10.929 -> That vulnerability was supposedly fixed in version 2.15.0.

14.28 -> But if you followed the news at the time closely, you know that on the 14th of December, so

20.169 -> only 4 days after the original vulnerability disclosure and the fix in version 2.15.0,

26.229 -> a new CVE was assigned CVE-2021-45046.

32.079 -> And we got a new fix, version 2.16.0.

35.57 -> Now this second CVE is not as bad as the original log4shell vulnerability.

40.63 -> But I think it’s very interesting, and we can learn a lot more about secure software

44.17 -> design again.

45.17 -> It’s going to be worth it, I promise.

49.35 ->

51.309 -> Chapter 1: The new CVE

56.96 -> Here is an earlier version of the CVE description for the new log4j CVE:

62.64 -> It was found that the fix to address [log4shell] was incomplete in certain non-default configurations.

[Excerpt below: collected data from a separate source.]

Lemma partial_sumB x k m1 m2 : (m1 <= m2)%N ->
  partial_sum x k m2 - partial_sum x k m1 = \sum_(m1 <= i < m2) series_term x k i.
Proof.
move=> le; rewrite /partial_sum -!(big_mkord xpredT).
by rewrite (big_cat_nat (leq0n m1) le) /= addrAC subrr add0r.
Qed.

Lemma partial_sum_cauchy x k n m1 m2 : (n + k <= m1 <= m2)%N ->
  pmulA p n (partial_sum x k m2 - partial_sum x k m1).
Proof.
move=> /andP [le1 le2]; rewrite partial_sumB // big_nat_cond.
apply: pmulA_sum => i /andP [/andP [le_i _] _].
by apply: series_term_tail; exact: leq_trans le_i.
Qed.

Lemma partial_sum_shift x k k' n : (k <= k')%N ->
  partial_sum x k (n + k') = partial_sum x k k' + partial_sum x k' (n + k') *+ p ^ (k' - k).
Proof.
move=> le; rewrite /partial_sum -sumrMnl.
rewrite (@big_ord_widen _ _ _ k' (n + k') (series_term x k)) ?leq_addl //.
rewrite [X in _ = X + _]big_mkcond /= -big_split /=; apply: eq_bigr => i _.
have [lt_ik'|le_k'i] := ltnP i k'.
  by rewrite /series_term [in X in _ = _ + X]ifF ?mul0rn ?addr0 // ltn_geF.
rewrite add0r /series_term ifT; last exact: leq_trans le_k'i.
rewrite ifT // -mulrnA -mulnA -expnD; congr (_ *+ (_ * p ^ _)); lia.
Qed.

Lemma partial_sum_pmul x k n : pmulA p n (partial_sum x k (n + k) *+ p ^ k).
Proof.
rewrite /partial_sum -sumrMnl; apply: pmulA_sum => i _; rewrite /series_term.
case: ifP => le; last by rewrite mul0rn; exact: pmulA0.
rewrite -mulrnA; apply: pomega_e.
by rewrite -mulnA -expnD; apply: dvdn_mull; rewrite dvdn_exp2l //; lia.
Qed.

Definition cocycle_value x q r : A :=
  let s := prufer_add q r in let k := (K q + K r)%N in
  partial_sum x (K s) k *+ N s - partial_sum x (K q) k *+ N q - partial_sum x (K r) k *+ N r.

Lemma cocycle_phi x q r : in_prufer p q -> in_prufer p r ->
  cocycle (phi x) q r = kappa p (cocycle_value x q r).
Proof.
move=> Tq Tr; have [Ts leK [d eq_d]] := prufer_addP p_prime Tq Tr.
rewrite /cocycle !phi_in // !Lsub_Lseq kappa_Lseq /cocycle_value; apply/Lseq_eq => n.
set k := (K q + K r)%N in leK eq_d *.
set W := partial_sum x k (n + k).
have split_at k' M : (k' <= k)%N -> exists2 u, pmulA p n u &
    partial_sum x k' (n + k') *+ M = u + partial_sum x k' k *+ M + W *+ (M * p ^ (k - k')).
  move=> le; exists ((partial_sum x k' (n + k') - (partial_sum x k' k + W *+ p ^ (k - k'))) *+ M).
    apply/pmulAMn; rewrite -partial_sum_shift // -opprB; apply/pmulAN.
    by apply: partial_sum_cauchy; rewrite leqnn leq_add2l.
  by rewrite mulnC mulrnA -!mulrnDl -addrA subrK.
have [us ps ->] := split_at _ (N (prufer_add q r)) leK.
have [uq pq ->] := split_at _ (N q) (leq_addr _ _).
have [ur pr ->] := split_at _ (N r) (leq_addl _ _).
rewrite (@subr3_rearrange _ _ _ _ _ _ _ _ _ _ (W *+ (d * p ^ k))); last by rewrite -!mulrnDr eq_d.
apply: pmulAB; first by apply: pmulAB; [apply: pmulAB|].
by rewrite mulnC mulrnA; apply/pmulAMn/partial_sum_pmul.
Qed.

Lemma in_prufer0 : in_prufer p 0.
Proof. by split=> //; split=> //; exists 0%N. Qed.

Lemma phi_HatH x : HatH A p (phi x).
Proof.
split; [|split; [|split]].
- move=> q Tq; rewrite phi_in //; apply: isL_Lseq => n; rewrite -mulrnBl addSn.
  by apply/pmulAMn/partial_sum_cauchy; rewrite leqnn leqW.
- by move=> q /phi_out.
- rewrite phi_in; last exact: in_prufer0.
  by rewrite Lzero_Lseq; apply/Lseq_eq => n; rewrite /prufer_num (_ : numq 0 = 0) // mulr0n subrr; exact: pmulA0.
- by move=> q r Tq Tr; exists (cocycle_value x q r); apply: cocycle_phi.
Qed.

Lemma column_code_agree x y M i : agree M x y -> (i < M)%N ->
  column_code x i = column_code y i.
Proof. by move=> xy iM; apply: eq_bigr => j _; rewrite xy // (ltn_trans _ iM). Qed.

Lemma partial_sum_agree x y M k m : agree M x y -> (m <= M)%N ->
  partial_sum x k m = partial_sum y k m.
Proof.
move=> xy mM; apply: eq_bigr => i _.
by rewrite /series_term (column_code_agree xy) // (leq_trans _ mM).
Qed.
(* Let $n\ge1$, let $f_1,\dots,f_n:\mathbb{R}^d\to\mathbb{R}$ be $L$-smooth (i.e. $\|\nabla f_i(x)-\nabla f_i(y)\|\le L\|x-y\|$ for all $x,y$), and $f=\frac1n\sum_i f_i$. Let $x_0,\dots,x_T$ and $\nabla_0,\dots,\nabla_{T-1}$ be the iterates and gradient estimators produced by AdaSpider (described in the context) with input $x_0$, $\beta_0>0$, $G_0>0$. Then there is an absolute constant $C>0$ such that \[ \mathbb{E}\Big[\sum_{t=0}^{T-1}\|\nabla_t-\nabla f(x_t)\|\Big]\le C\,\frac{L\,n^{1/4}\sqrt T}{\beta_0}\sqrt{\log\!\Big(1+nT\Big(\frac{L}{\beta_0G_0}+\frac{\|\nabla f(x_0)\|}{G_0}\Big)\Big)}. \]
   Context: $\|\cdot\|$ is the Euclidean norm. AdaSpider: input $x_0\in\mathbb{R}^d$, $\beta_0>0$, $G_0>0$, horizon $T\ge1$. For $t=0,1,\dots,T-1$: if $t \bmod n=0$, set $\nabla_t:=\nabla f(x_t)$; otherwise pick $i_t\in\{1,\dots,n\}$ uniformly at random (independently of the past) and set $\nabla_t:=\nabla f_{i_t}(x_t)-\nabla f_{i_t}(x_{t-1})+\nabla_{t-1}$. Then set $\gamma_t:=1\big/\big(n^{1/4}\beta_0\sqrt{n^{1/2}G_0^2+\sum_{s=0}^t\|\nabla_s\|^2}\big)$ and $x_{t+1}:=x_t-\gamma_t\nabla_t$. *)

From HB Require Import structures.
From mathcomp Require Import all_boot all_order all_algebra.
From mathcomp Require Import all_classical all_reals all_analysis.
Set Implicit Arguments. Unset Strict Implicit. Unset Printing Implicit Defensive.
Import Order.TTheory GRing.Theory Num.Theory.
Import numFieldNormedType.Exports.
Local Open Scope ring_scope.

Section AdaSpider.
Variables (R : realType) (d n : nat).

Definition enorm (v : 'rV[R]_d) : R := Num.sqrt (\sum_(j < d) v 0 j ^+ 2).

Definition edot (u v : 'rV[R]_d) : R := \sum_(j < d) u 0 j * v 0 j.

Definition full_grad (g : 'I_n -> 'rV[R]_d -> 'rV[R]_d) (x : 'rV[R]_d) :
  'rV[R]_d := (n%:R)^-1 *: \sum_(i < n) g i x.

(* step size gamma_t from S_t = sum_{s<=t} ||nabla_s||^2 *)
Definition ada_gamma (beta0 G0 Ssum : R) : R :=
  1 / (n%:R `^ (4^-1) * beta0 * Num.sqrt (Num.sqrt n%:R * G0 ^+ 2 + Ssum)).

Variables (T : nat) (g : 'I_n -> 'rV[R]_d -> 'rV[R]_d)
  (x0 : 'rV[R]_d) (beta0 G0 : R) (omega : {ffun 'I_T -> 'I_n}).

(* ada_run t = (x_t, nabla_t, S_t); omega k is the random index i_k
   (only used when k mod n <> 0, k < T). *)
Fixpoint ada_run (t : nat) : 'rV[R]_d * 'rV[R]_d * R :=
  match t with
  | 0 => let g0 := full_grad g x0 in (x0, g0, enorm g0 ^+ 2)
  | t'.+1 =>
      let: (x, gr, Ssum) := ada_run t' in
      let x' := x - ada_gamma beta0 G0 Ssum *: gr in
      let gr' :=
        if (t'.+1 %% n == 0)%N then full_grad g x'
        else match @insub nat (fun k => k < T)%N _ t'.+1 : option 'I_T with
             | Some k => g (omega k) x' - g (omega k) x + gr
             | None => full_grad g x'
             end in
      (x', gr', Ssum + enorm gr' ^+ 2)
  end.

Definition ada_x (t : nat) : 'rV[R]_d := (ada_run t).1.1.
Definition ada_est (t : nat) : 'rV[R]_d := (ada_run t).1.2.

End AdaSpider.

(* Expectation w.r.t. i.i.d. uniform indices i_0..i_{T-1} in {1..n}
   (= uniform distribution on {ffun 'I_T -> 'I_n}) *)
Definition unif_expect {R : realType} (T n : nat)
  (X : {ffun 'I_T -> 'I_n} -> R) : R :=
  (#|{ffun 'I_T -> 'I_n}|%:R)^-1 * \sum_(w : {ffun 'I_T -> 'I_n}) X w.

From HB Require Import structures.
From mathcomp Require Import all_boot all_order all_algebra perm.
From mathcomp Require Import all_classical all_reals all_analysis.
From mathcomp Require Import ring lra.
Import Order.TTheory GRing.Theory Num.Theory.
Local Open Scope ring_scope.
Set Implicit Arguments. Unset Strict Implicit. Unset Printing Implicit Defensive.

(** Write [e_t] for the estimator error [nabla_t - grad f (x_t)].  It vanishes
    at every restart [t = 0 mod n]; in between, [e_t] receives the increment
    [g_i(x_t) - g_i(x_(t-1)) - (grad f(x_t) - grad f(x_(t-1)))] with a fresh
    uniform index [i], which is centred and independent of [e_(t-1)].  Hence
    [E|e_t|^2 <= E|e_(t-1)|^2 + L^2 E|x_t - x_(t-1)|^2], and summing over the at
    most [n] steps of an epoch gives
    [sum_t E|e_t|^2 <= L^2 n sum_t E|x_(t+1) - x_t|^2].
    With the AdaGrad step size, [|x_(t+1) - x_t|^2] equals
    [|nabla_t|^2 / (c + S_t)] up to the factor [1 / (sqrt n beta0^2)], where
    [c = sqrt n G0^2] and [S_t = sum_(s <= t) |nabla_s|^2]; along every run these
    ratios sum to at most [ln (1 + S_(T-1) / c)].  That logarithm is bounded
    self-consistently: [|nabla_t| <= |grad f(x_0)| + L * (path length)], and by
    Cauchy-Schwarz the path length is at most [sqrt (T * log) / beta0]; with
    [ln (1 + X) <= 2 sqrt X] this closes into
    [log <= 8 ln (1 + n T (L / (beta0 G0) + |grad f(x_0)| / G0))].  A last
    Cauchy-Schwarz, over [t] and over the index sequences, turns the bound on
    second moments into the stated first-moment bound. *)

Section Euclid.
Variables (R : realType) (d : nat).
Implicit Types (u v w : 'rV[R]_d).

Lemma edotC u v : edot u v = edot v u.
Proof. by apply: eq_bigr => j _; rewrite mulrC. Qed.

Lemma edotDr u v w : edot u (v + w) = edot u v + edot u w.
Proof. by rewrite -big_split; apply: eq_bigr => j _; rewrite mxE mulrDr. Qed.

Lemma edotZr u c v : edot u (c *: v) = c * edot u v.
Proof. by rewrite mulr_sumr; apply: eq_bigr => j _; rewrite mxE mulrCA. Qed.

Lemma edotNr u v : edot u (- v) = - edot u v.
Proof. by rewrite -scaleN1r edotZr mulN1r. Qed.

Lemma edot0r u : edot u 0 = 0.
Proof. by rewrite -(scale0r 0) edotZr mul0r. Qed.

69.47 -> This could allows attackers with control over Thread Context Map input data when the logging

74.84 -> configuration uses a non-default Pattern Layout with either a Context Lookup or a Thread Context

79.83 -> Map pattern to craft malicious input data using a JNDI Lookup pattern resulting in a

84.39 -> denial of service attack.

87.63 -> WHAT THE F’ WAS THIS SENTENCE????

90.409 -> I have to admit, when I read this at the time it was released, my brain blanked.

95.56 -> I did not understand this at all, and it sounded so weird that I was wondering if this is just

100.71 -> another bullshit CVE.

102.34 -> And it was just a denial of service attack anyway, right?

105.219 -> I’m not that excited about DOS issues.

108.09 -> But reading reactions on twitter, it became clear it was pretty legit.

112.7 -> And Pwntester for example wrote on the 16th of december, that he managed to bypass the

118.2 -> allowedldapHost checks in 2.15, which means there is again a remote code execution issue

124.429 -> in this version.

126.229 -> However on the following day I read the tweet from Kevin.

129.42 -> Gossi The Dog.

130.58 -> Log4j hype check: the new CVE: - only applies in certain *non-default* configurations

136.83 -> - remote code execution has been demonstrated on *macOS* - not reproducible in other test

143.65 -> environments - no exploitation seen in wild

146.53 -> And not many orgs will be hosting webapps on MacOS anyway.

151.32 -> That confused me more.

153.67 -> Only on macOS?

155.11 -> What the heck could be responsible for it to only work on mac.

159.67 -> That is super weird.

160.92 -> Again I didn’t understand a thing.

162.36 -> there was a new fix 2.16.

164.27 -> And organisations gonna patch.

166.14 -> So I didn’t really care.

168.26 -> Until I Anthony Weems wrote me this DM: Hey!

172.27 -> I worked on the "localhost" bypass to CVE-2021-45046.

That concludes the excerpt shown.